===== Supplied material =====

Definition kernel_cokernel_pair (X Y Z : Ob) (i : Mor C X Y) (p : Mor C Y Z) : Prop :=
  is_kernel i p /\ is_cokernel i p.

Definition is_pullback (A B T P : Ob) (f : Mor C A T) (g : Mor C B T)
    (p1 : Mor C P A) (p2 : Mor C P B) : Prop :=
  f \o p1 = g \o p2 /\
  forall (W : Ob) (u : Mor C W A) (v : Mor C W B), f \o u = g \o v ->
    exists! h : Mor C W P, p1 \o h = u /\ p2 \o h = v.

Definition is_pushout (S A B Q : Ob) (f : Mor C S A) (g : Mor C S B)
    (q1 : Mor C A Q) (q2 : Mor C B Q) : Prop :=
  q1 \o f = q2 \o g /\
  forall (W : Ob) (u : Mor C A W) (v : Mor C B W), u \o f = v \o g ->
    exists! h : Mor C Q W, h \o q1 = u /\ h \o q2 = v.

End Defs.

Record ConflCat := {
  cc_cat :> AddCat;
  Confl : forall X Y Z : Obj cc_cat, Mor cc_cat X Y -> Mor cc_cat Y Z -> Prop;
  confl_kc : forall (X Y Z : Obj cc_cat) (i : Mor cc_cat X Y) (p : Mor cc_cat Y Z),
      Confl i p -> kernel_cokernel_pair i p;
  confl_iso : forall (X Y Z X' Y' Z' : Obj cc_cat)
      (i : Mor cc_cat X Y) (p : Mor cc_cat Y Z)
      (i' : Mor cc_cat X' Y') (p' : Mor cc_cat Y' Z')
      (a : Mor cc_cat X X') (b : Mor cc_cat Y Y') (c : Mor cc_cat Z Z'),
      is_iso a -> is_iso b -> is_iso c ->
      mcomp b i = mcomp i' a -> mcomp c p = mcomp p' b ->
      Confl i p -> Confl i' p'
}.

Section Conf.
Variable C : ConflCat.
Local Notation Ob := (Obj C).
Local Notation "g \o f" := (mcomp g f).

Definition inflation (X Y : Ob) (i : Mor C X Y) : Prop :=
  exists (Z : Ob) (p : Mor C Y Z), Confl i p.

Definition deflation (Y Z : Ob) (p : Mor C Y Z) : Prop :=
  exists (X : Ob) (i : Mor C X Y), Confl i p.

(** Deflation-exact category: axioms R0, R1, R2. *)
Definition deflation_exact : Prop :=
  deflation (idm (@zero_obj C))
  /\ (forall (X Y Z : Ob) (p : Mor C X Y) (q : Mor C Y Z),
        deflation p -> deflation q -> deflation (q \o p))
  /\ (forall (Y Z Z' : Ob) (p : Mor C Y Z) (t : Mor C Z' Z),
        deflation p ->
        exists (P : Ob) (p' : Mor C P Z') (t' : Mor C P Y),
          is_pullback p t t' p' /\ deflation p').

(** Admissibly deflation-percolating full subcategory (given by a predicate
    on objects): non-empty + A1, A2, A3. *)
Definition adm_defl_percolating (A : Ob -> Prop) : Prop :=
  (exists X : Ob, A X)
  /\ (forall (X Y Z : Ob) (i : Mor C X Y) (p : Mor C Y Z),
        Confl i p -> (A Y <-> (A X /\ A Z)))
  /\ (forall (X A0 : Ob) (g : Mor C X A0), A A0 ->
        exists (A' : Ob) (d : Mor C X A') (j : Mor C A' A0),
          A A' /\ deflation d /\ inflation j /\ g = j \o d)
  /\ (forall (X D A0 : Ob) (a : Mor C X D) (b : Mor C X A0),
        inflation a -> deflation b -> A A0 ->
        exists (P : Ob) (d : Mor C D P) (j : Mor C A0 P),
          is_pushout a b d j /\ deflation d /\ inflation j).

Definition Ainv_inflation (A : Ob -> Prop) (X Y : Ob) (i : Mor C X Y) : Prop :=
  exists (Z : Ob) (p : Mor C Y Z), Confl i p /\ A Z.

End Conf.

From mathcomp Require Import all_boot all_algebra.
Set Implicit Arguments. Unset Strict Implicit. Unset Printing Implicit Defensive.
Import GRing.Theory.
Local Open Scope ring_scope.

(* Factor [f ∘ x] through [A] by (A2) as [a ∘ d1] and let [b] be a cokernel of
   [a]; the induced [d3 : Z -> C0] is a deflation since [d3 ∘ y = b ∘ f] is one
   and [C0] lies in [A].  Taking kernels of the three vertical deflations gives
   the top row, and the only real point is that the induced [y'' : Y'' -> Z''] is
   a deflation.  Pull the conflation [X >-> Y ->> Z] back along [Z'' >-> Z] to a
   conflation [X >-> P ->> Z'']; its pushout along [d1] is a deflation by (A3),
   and it can be realised as [(m, p) : P -> A0 (+) Z''].  Then [y''] is the
   pullback of that deflation along the inclusion of [Z''], so it is a deflation
   by (R2). *)

Local Notation "g ∘ f" := (mcomp g f) (at level 40, left associativity).

Section AdditiveCategory.
Variable C : AddCat.

Definition monic (X Y : Obj C) (g : Mor C X Y) : Prop :=
  forall W (h1 h2 : Mor C W X), g ∘ h1 = g ∘ h2 -> h1 = h2.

=====

> Problem description: Please restate the records word for word. Go from the first line to the line with "on objects): non-empty + A1, A2, A3. *)" and include both.

> Answer for this exercise:
Definition kernel_cokernel_pair (X Y Z : Ob) (i : Mor C X Y) (p : Mor C Y Z) : Prop :=
  is_kernel i p /\ is_cokernel i p.

Definition is_pullback (A B T P : Ob) (f : Mor C A T) (g : Mor C B T)
    (p1 : Mor C P A) (p2 : Mor C P B) : Prop :=
  f \o p1 = g \o p2 /\
  forall (W : Ob) (u : Mor C W A) (v : Mor C W B), f \o u = g \o v ->
    exists! h : Mor C W P, p1 \o h = u /\ p2 \o h = v.

Definition is_pushout (S A B Q : Ob) (f : Mor C S A) (g : Mor C S B)
    (q1 : Mor C A Q) (q2 : Mor C B Q) : Prop :=
  q1 \o f = q2 \o g /\
  forall (W : Ob) (u : Mor C A W) (v : Mor C B W), u \o f = v \o g ->
    exists! h : Mor C Q W, h \o q1 = u /\ h \o q2 = v.

End Defs.

Record ConflCat := {
  cc_cat :> AddCat;
  Confl : forall X Y Z : Obj cc_cat, Mor cc_cat X Y -> Mor cc_cat Y Z -> Prop;
  confl_kc : forall (X Y Z : Obj cc_cat) (i : Mor cc_cat X Y) (p : Mor cc_cat Y Z),
      Confl i p -> kernel_cokernel_pair i p;
  confl_iso : forall (X Y Z X' Y' Z' : Obj cc_cat)
      (i : Mor cc_cat X Y) (p : Mor cc_cat Y Z)
      (i' : Mor cc_cat X' Y') (p' : Mor cc_cat Y' Z')
      (a : Mor cc_cat X X') (b : Mor cc_cat Y Y') (c : Mor cc_cat Z Z'),
      is_iso a -> is_iso b -> is_iso c ->
      mcomp b i = mcomp i' a -> mcomp c p = mcomp p' b ->
      Confl i p -> Confl i' p'
}.

Section Conf.
Variable C : ConflCat.
Local Notation Ob := (Obj C).
Local Notation "g \o f" := (mcomp g f).

Definition inflation (X Y : Ob) (i : Mor C X Y) : Prop :=
  exists (Z : Ob) (p : Mor C Y Z), Confl i p.

Definition deflation (Y Z : Ob) (p : Mor C Y Z) : Prop :=
  exists (X : Ob) (i : Mor C X Y), Confl i p.

(** Deflation-exact category: axioms R0, R1, R2. *)
Definition deflation_exact : Prop :=
  deflation (idm (@zero_obj C))
  /\ (forall (X Y Z : Ob) (p : Mor C X Y) (q : Mor C Y Z),
        deflation p -> deflation q -> deflation (q \o p))
  /\ (forall (Y Z Z' : Ob) (p : Mor C Y Z) (t : Mor C Z' Z),
        deflation p ->
        exists (P : Ob) (p' : Mor C P Z') (t' : Mor C P Y),
          is_pullback p t t' p' /\ deflation p').

(** Admissibly deflation-percolating full subcategory (given by a predicate
    on objects): non-empty + A1, A2, A3. *)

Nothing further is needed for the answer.